Восемнадцатого марта Лаврентий Павлович, предварительно, конечно же, позвонив, приехал на дачу к Иосифу Виссарионовичу. А так как предмет разговора он уже по телефону обрисовал, встретил его товарищ Сталин вопросом:

— Я же просил побыстрее все выяснить, ты чего так долго копался?

Разговор между ними шел на грузинском, как это часто случалось, когда они встречались лишь вдвоем, и еще этим подчеркивалась определенная «неформальность» общения, поэтому Берия ответил в том же ключе:

— Я обещал приехать в воскресенье, а пока воскресенье еще не кончилось. Но это и неважно, важно то, что я нашел источник знаний Шарлатана, и, похоже, мальчишка насчет говна за баней не особо и ошибался. Проверить, конечно, нужно, но что-то мне подсказывает…

— Что за источник?

— Вот, сам смотри, — и Берия протянул Сталину небольшой томик в красном кожаном переплете. Иосиф Виссарионович его открыл и прочел на титульной странице заглавие, явно написанное от руки: «Ученыя записки Цезаря Сапіентиссимуса», а чуть ниже — надпись латиницей «vol.3».

— Это что за бред?

— Не бред, ты почитай… там закладка как раз на нужном месте.

Сталин раскрыл томик (не книгу, а, скорее, большую записную книжку) и начал читать написанное там (в дореволюционной орфографии написанное) вслух:

— В размышлениях, что нынче на золотник просят (и ведь платят!) пятьдесят три пуда золота, нельзя упустить тот расчет, что лишь от добычи в Санкт-Петербургской губернии выручка составить не менее миллиона ста пятидесяти тысяч пудов золота, и это лишь по уже известным залежам.

— Что за ерунду ты мне подсунул?

— Эта не ерунда, я просто закладку страницей дальше заложил. Тут расписана программа добычи радия в России, и довольно подробно указаны пять мест с большими запасами урановых руд. С огромными запасами, а еще по некоторым расписано и как в них удобнее и дешевле добычу вести.

— И ты думаешь, что запискам этого… Цезаря наимудрейшего мы хоть в малой степени доверять должны?
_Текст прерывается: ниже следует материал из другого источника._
Lemma concentrated_tail_off {n : nat} {X : 'I_n -> T -> R} {a : R} : (0 < n)%N ->
  concentrated P a X -> exists A N, [/\ measurable A, P A = a%:E, measurable N,
    P N = 0 & forall i, tail_off N (X i) A].
Proof.
move=> n0 [A [PA tlX]]; have mA : measurable A by case: (tlX (Ordinal n0)).
have /choice [Nf NfP] : forall i, exists N : set T,
    [/\ measurable N, P N = 0 & tail_off N (X i) A].
  by move=> i; case: (tlX i) => _ _ _ [N NP]; exists N.
pose N := \big[setU/set0]_(i <- enum 'I_n) Nf i.
have [mN PN] : measurable N /\ P N = 0.
  by apply: null_bigsetU => i; case: (NfP i).
exists A, N; split => // i; case: (NfP i) => _ _; apply: tail_offS => w Nw.
by rewrite /N (bigD1_seq i) ?mem_enum ?enum_uniq //=; left.
Qed.

Context {n : nat} {X : 'I_n -> T -> R} {A N : set T} {a : R}.
Hypotheses (mX : forall i, measurable_fun setT (X i)) (a01 : (0 < a < 1)%R)
  (mA : measurable A) (PA : P A = a%:E) (mN : measurable N) (PN : P N = 0)
  (tlX : forall i, tail_off N (X i) A).

Lemma VaR_sum_tail_le : VaR P a (sumRV X) <= \sum_(i < n) VaR P a (X i).
Proof.
pose q i := fine (VaR P a (X i)).
have -> : \sum_(i < n) VaR P a (X i) = (\sum_(i < n) q i)%:E.
  by rewrite -sumEFin; apply: eq_bigr => i _; rewrite fineK // VaR_fin_num.
pose M := \big[setU/set0]_(i <- enum 'I_n) (~` A `&` [set w | (q i < X i w)%R]).
have [mM PM] : measurable M /\ P M = 0.
  apply: null_bigsetU => i; split.
    by apply: measurableI; [exact: measurableC|exact: measurable_superlevel].
  exact: (tail_superlevel_null P (mX i) mA PA mN PN (tlX i) _ (VaR_sublevel P (mX i) _ a01)).
apply: VaR_le; apply: (sublevel_ge_off P (measurable_sumRV mX) mA PA mM PM) => w Aw Mw.
apply: ler_sum => i _; rewrite leNgt; apply/negP => qX; apply: Mw.
by rewrite /M (bigD1_seq i) ?mem_enum ?enum_uniq //=; left.
Qed.

Lemma sum_VaR_tail_le b : (0 < b < a)%R ->
  \sum_(i < n) VaR P a (X i) <= VaR P b (sumRV X).
Proof.
move=> b0a; apply: (le_VaR_off P (measurable_sumRV mX) mA PA mN PN) => // w Aw Nw.
rewrite /sumRV -sumEFin; apply: lee_sum => i _.
exact: (VaR_le_tail P (mX i) mA PA mN PN (tlX i)).
Qed.

End sum_of_tails.

Section ereal_rays.
Context {R : realType}.
Local Open Scope ereal_scope.

Lemma measure_unique_ereal_rays {m1 m2 : measure (\bar R) R} :
  m1 setT = m2 setT -> m1 setT < +oo ->
  (forall r : R, m1 `]r%:E, +oo[%classic = m2 `]r%:E, +oo[%classic) ->
  forall B, measurable B -> m1 B = m2 B.
Proof.
move=> m12T m1T m12 B mB.
pose G := [set S : set (\bar R) | (exists r : R, S = `]r%:E, +oo[%classic) \/ S = setT].
apply: (measure_unique G (fun=> setT)) => //.
- have -> : @measurable _ (\bar R) = (ErealGenOInfty.G (R:=R)).-sigma.-measurable.
    exact: ErealGenOInfty.measurableE.
  apply/seteqP; split.
    apply: smallest_sub; first exact: smallest_sigma_algebra.
    by move=> S GS; apply: sub_sigma_algebra; left.
  apply: smallest_sub; first exact: smallest_sigma_algebra.
  by move=> S [GS|->]; [exact: sub_sigma_algebra|exact: measurableT].
- move=> S S' [[r ->]|->] [[r' ->]|->]; rewrite ?setIT ?setTI;
    try by [left; exists r|left; exists r'|right].
  left; exists (Num.max r r'); apply/seteqP; split => x /=; rewrite !in_itv /= !andbT.
    by move=> [rx r'x]; rewrite EFin_max gt_max rx r'x.
  by rewrite EFin_max gt_max => /andP[rx r'x].
- by move=> _; right.
- by rewrite bigcup_const.
- by move=> S [[r ->]|->].
Qed.

End ereal_rays.

Section expected_shortfall_tail.
Context {d : measure_display} {T : measurableType d} {R : realType}.
Variable P : probability T R.
Context {Y : T -> R} {A N : set T} {a : R}.
Hypotheses (mY : measurable_fun setT Y) (a01 : 0 < a < 1) (mA : measurable A)
  (PA : P A = a%:E) (mN : measurable N) (PN : P N = 0%E) (tlY : tail_off N Y A).
Local Open Scope ereal_scope.

Let D : set R := `]0%R, a[%classic.
Let p r := pr P [set w | (r < Y w)%R].
Let m r := Num.min a (p r).

Let D01 c : D c -> (0 < c < 1)%R.
Proof.
rewrite /D /= in_itv /= => /andP[c0 ca]; rewrite c0 /=.
by apply: (lt_trans ca); case/andP: a01.
Qed.

Let lt_VaR_D r c : D c -> (r%:E < VaR P c Y) <-> (c < p r)%R.
Proof.
move=> /D01 c01; rewrite (lt_VaR P mY r _ c01) (prE P (measurable_sublevel mY r)).
rewrite lte_fin /p superlevelC prC; last exact: measurable_sublevel.
by split => h; lra.
Qed.

(* The quantile function on [D] and [Y] on [A], sent to [+oo] elsewhere so as to
   be measurable everywhere. Their laws agree on the finite values [B0], since both
   give mass [m r] to every ray [(r, +oo)]. *)
Let phi (c : R) : \bar R := if c \in D then VaR P c Y else +oo.
Let psi (w : T) : \bar R := if w \in A then (Y w)%:E else +oo.
Let B0 : set (\bar R) := range EFin.

Let mB0 : measurable B0.
Proof. exact: measurable_image_EFin measurableT. Qed.

Let phi_gt r : phi @^-1` `]r%:E, +oo[%classic = `]0%R, m r[%classic `|` ~` D.
Proof.
apply/seteqP; split => c /=; rewrite /phi; case: ifPn => cD.
- rewrite in_itv /= andbT => /(lt_VaR_D _ _ (set_mem cD)) cp; left.
  move: (set_mem cD); rewrite /D /= !in_itv /= => /andP[c0 ca].
  by rewrite c0 /m lt_min ca cp.
- by move=> _; right => /mem_set; rewrite (negbTE cD).
- move=> [|]; last by move=> /(_ (set_mem cD)).
  rewrite /= !in_itv /= andbT /m lt_min => /andP[_ /andP[_ cp]].
  exact/(lt_VaR_D _ _ (set_mem cD)).
- by move=> _; rewrite in_itv /= andbT ltry.
Qed.

Let phi_B0 : phi @^-1` B0 = D.
Proof.
apply/seteqP; split => c /=; rewrite /phi; case: ifPn => cD.
- by move=> _; exact: set_mem.
- by case.
- move=> _; exists (fine (VaR P c Y)) => //.
  by rewrite fineK // VaR_fin_num // D01 //; exact: set_mem.
- by move=> Dc; move: cD; rewrite (mem_set Dc).
Qed.

Let mphi : measurable_fun setT phi.
Proof.
apply: (measurability _ (ErealGenOInfty.measurableE R)) => /= _ [_ [r ->] <-].
rewrite setTI phi_gt; apply: measurableU; first exact: measurable_itv.
by apply: measurableC; exact: measurable_itv.
Qed.

Let psi_gt r : psi @^-1` `]r%:E, +oo[%classic = (A `&` [set w | (r < Y w)%R]) `|` ~` A.
Proof.
apply/seteqP; split => w /=; rewrite /psi; case: ifPn => wA.
- by rewrite in_itv /= andbT lte_fin => h; left; split => //; exact: set_mem.
- by move=> _; right => /mem_set; rewrite (negbTE wA).
- by move=> [[_ h]|/(_ (set_mem wA))//]; rewrite in_itv /= andbT lte_fin.
- by move=> _; rewrite in_itv /= andbT ltry.
Qed.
— Проверить необходимо. Там об одном месторождении написано — а написано это, по всему выходит, еще до той войны — так советские геологи его в прошлом году только обнаружили. Это возле Пятигорска — но точно там, где в этой книжке и указано. Наши специалисты считают, что эта записка была подготовкой к докладу либо в Горном институте, либо в Академии наук. Еще товарищ Карпинский поначалу подобную практику вел: если нужно обсудить что-то, похожее на открытие, но есть и серьезные сомнения в его верности, то описание его делалось под псевдонимом, чтобы авторитет автора не давил на его оппонентов при обсуждении. Александр Петрович и своих работ немало так же другим ученым презентовал.

— То есть это сам Карпинский писал?

— Не думаю, то есть убежден, что не он. По заключению наших специалистов, написано точно не геологом, и даже не химиком — однако человеком, несомненно, весьма образованным, и с геологами многими лично знакомым. Вот только выяснить личность подлинного автора этой записки мы, скорее всего, не сможем.

— А откуда…

— Шарлатан выменял сей труд у какого-то мужчины, причем по говору, по словам мальчишки, точно не у горьковчанина, и выменял он это на три коробки с яйцами. На обложку кожаную позарился, ну мальчишка же! И выменял на рынке, неподалеку от Московского вокзала, а там эвакуированных и просто переселенцев, причем их же вообще никто не учитывал… Да, кстати…

— Что кстати?

— Я ему по Сталинскую премию сказал, и сказал, за что именно она ему присуждена. А он мне мысль интересную подал: ведь объяснять соседям, откуда в семье столько денег… и даже родителям объяснять он не хочет, за что премия. А раз премия ему за бумагу, считай, выдана, то в постановлении и написать стоит «за бумажные изделия» с намеком на яичные коробки. И такое постановления даже в газетах опубликовать возможно…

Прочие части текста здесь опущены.